- Exercise: Working from the records below, repeat exactly the lines starting at the line that contains "if n is n'.+1 then t" and ending at the line that contains "RH a /\ RH b /\", inclusive.

- Stored data:
(* The elements of $\mathcal{R}$ with small support generate $\mathcal{R}$, and $\mathcal{R}=[\mathcal{R},\mathcal{R}]$.
   Context: $\mathcal{R}$ is the group of rational homeomorphisms of $\{0,1\}^\omega$: those $f$ for which there is a finite asynchronous binary transducer $(S,s_0,t,o)$ ($S$ finite, $t\colon S\times\{0,1\}\to S$, $o\colon S\times\{0,1\}\to\{0,1\}^*$) with $f(\psi)=o(s_0,\psi)$, where for $\sigma_1\sigma_2\cdots$ one sets $s_1=s_0$, $s_{n+1}=t(s_n,\sigma_n)$ and $o(s_0,\sigma_1\sigma_2\cdots)=o(s_1,\sigma_1)o(s_2,\sigma_2)\cdots$. An element $f$ has small support if there is a proper nonempty clopen subset $E\subseteq\{0,1\}^\omega$ such that $f$ is the identity on the complement of $E$. *)

From mathcomp Require Import all_boot.
Set Implicit Arguments. Unset Strict Implicit. Unset Printing Implicit Defensive.

Definition cantor := nat -> bool.

Definition agree (n : nat) (x y : cantor) : Prop := forall i, i < n -> x i = y i.

Definition cantor_open (E : cantor -> Prop) : Prop :=
  forall x, E x -> exists n, forall y, agree n x y -> E y.

Definition cantor_closed (E : cantor -> Prop) : Prop :=
  cantor_open (fun x => ~ E x).

Definition clopen (E : cantor -> Prop) : Prop := cantor_open E /\ cantor_closed E.

Definition cantor_continuous (f : cantor -> cantor) : Prop :=
  forall x n, exists m, forall y, agree m x y -> agree n (f x) (f y).

Definition homeomorphism (f : cantor -> cantor) : Prop :=
  exists g : cantor -> cantor,
    (forall x, g (f x) = x) /\ (forall x, f (g x) = x) /\
    cantor_continuous f /\ cantor_continuous g.

Section Transducer.
Variables (S : finType) (s0 : S) (t : S -> bool -> S) (o : S -> bool -> seq bool).

(* state_at psi n = s_{n+1} in the paper's 1-based indexing: s_1 = s0,
   s_{n+1} = t(s_n, sigma_n); here psi i is sigma_{i+1}. *)
Fixpoint state_at (psi : cantor) (n : nat) : S :=
  if n is n'.+1 then t (state_at psi n') (psi n') else s0.

Fixpoint out_prefix (psi : cantor) (n : nat) : seq bool :=
  if n is n'.+1 then out_prefix psi n' ++ o (state_at psi n') (psi n') else [::].

(* o(s0, psi) is the infinite word w: all finite partial outputs are prefixes of w,
   and their lengths are unbounded (so the output is genuinely infinite). *)
Definition transducer_output (psi w : cantor) : Prop :=
  (forall n i, i < size (out_prefix psi n) -> nth false (out_prefix psi n) i = w i) /\
  (forall k, exists n, k <= size (out_prefix psi n)).
End Transducer.

Definition rational_map (f : cantor -> cantor) : Prop :=
  exists (S : finType) (s0 : S) (t : S -> bool -> S) (o : S -> bool -> seq bool),
    forall psi, transducer_output s0 t o psi (f psi).

Definition RH (f : cantor -> cantor) : Prop := homeomorphism f /\ rational_map f.

Definition small_support (f : cantor -> cantor) : Prop :=
  exists E : cantor -> Prop,
    clopen E /\ (exists x, E x) /\ (exists y, ~ E y) /\
    (forall x, ~ E x -> f x = x).

Inductive gen_by (A : (cantor -> cantor) -> Prop) : (cantor -> cantor) -> Prop :=
  | gen_id : gen_by A id
  | gen_mul g h : A g -> gen_by A h -> gen_by A (g \o h)
  | gen_inv g g' h : A g -> (forall x, g (g' x) = x) -> (forall x, g' (g x) = x) ->
      gen_by A h -> gen_by A (g' \o h).

Definition commutator_RH (c : cantor -> cantor) : Prop :=
  exists a a' b b',
    RH a /\ RH b /\
    (forall x, a (a' x) = x) /\ (forall x, a' (a x) = x) /\
    (forall x, b (b' x) = x) /\ (forall x, b' (b x) = x) /\
    c = a' \o b' \o a \o b.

- Written solution:
  if n is n'.+1 then t (state_at psi n') (psi n') else s0.

Fixpoint out_prefix (psi : cantor) (n : nat) : seq bool :=
  if n is n'.+1 then out_prefix psi n' ++ o (state_at psi n') (psi n') else [::].

(* o(s0, psi) is the infinite word w: all finite partial outputs are prefixes of w,
   and their lengths are unbounded (so the output is genuinely infinite). *)
Definition transducer_output (psi w : cantor) : Prop :=
  (forall n i, i < size (out_prefix psi n) -> nth false (out_prefix psi n) i = w i) /\
  (forall k, exists n, k <= size (out_prefix psi n)).
End Transducer.

Definition rational_map (f : cantor -> cantor) : Prop :=
  exists (S : finType) (s0 : S) (t : S -> bool -> S) (o : S -> bool -> seq bool),
    forall psi, transducer_output s0 t o psi (f psi).

Definition RH (f : cantor -> cantor) : Prop := homeomorphism f /\ rational_map f.

Definition small_support (f : cantor -> cantor) : Prop :=
  exists E : cantor -> Prop,
    clopen E /\ (exists x, E x) /\ (exists y, ~ E y) /\
    (forall x, ~ E x -> f x = x).

Inductive gen_by (A : (cantor -> cantor) -> Prop) : (cantor -> cantor) -> Prop :=
  | gen_id : gen_by A id
  | gen_mul g h : A g -> gen_by A h -> gen_by A (g \o h)
  | gen_inv g g' h : A g -> (forall x, g (g' x) = x) -> (forall x, g' (g x) = x) ->
      gen_by A h -> gen_by A (g' \o h).

Definition commutator_RH (c : cantor -> cantor) : Prop :=
  exists a a' b b',
    RH a /\ RH b /\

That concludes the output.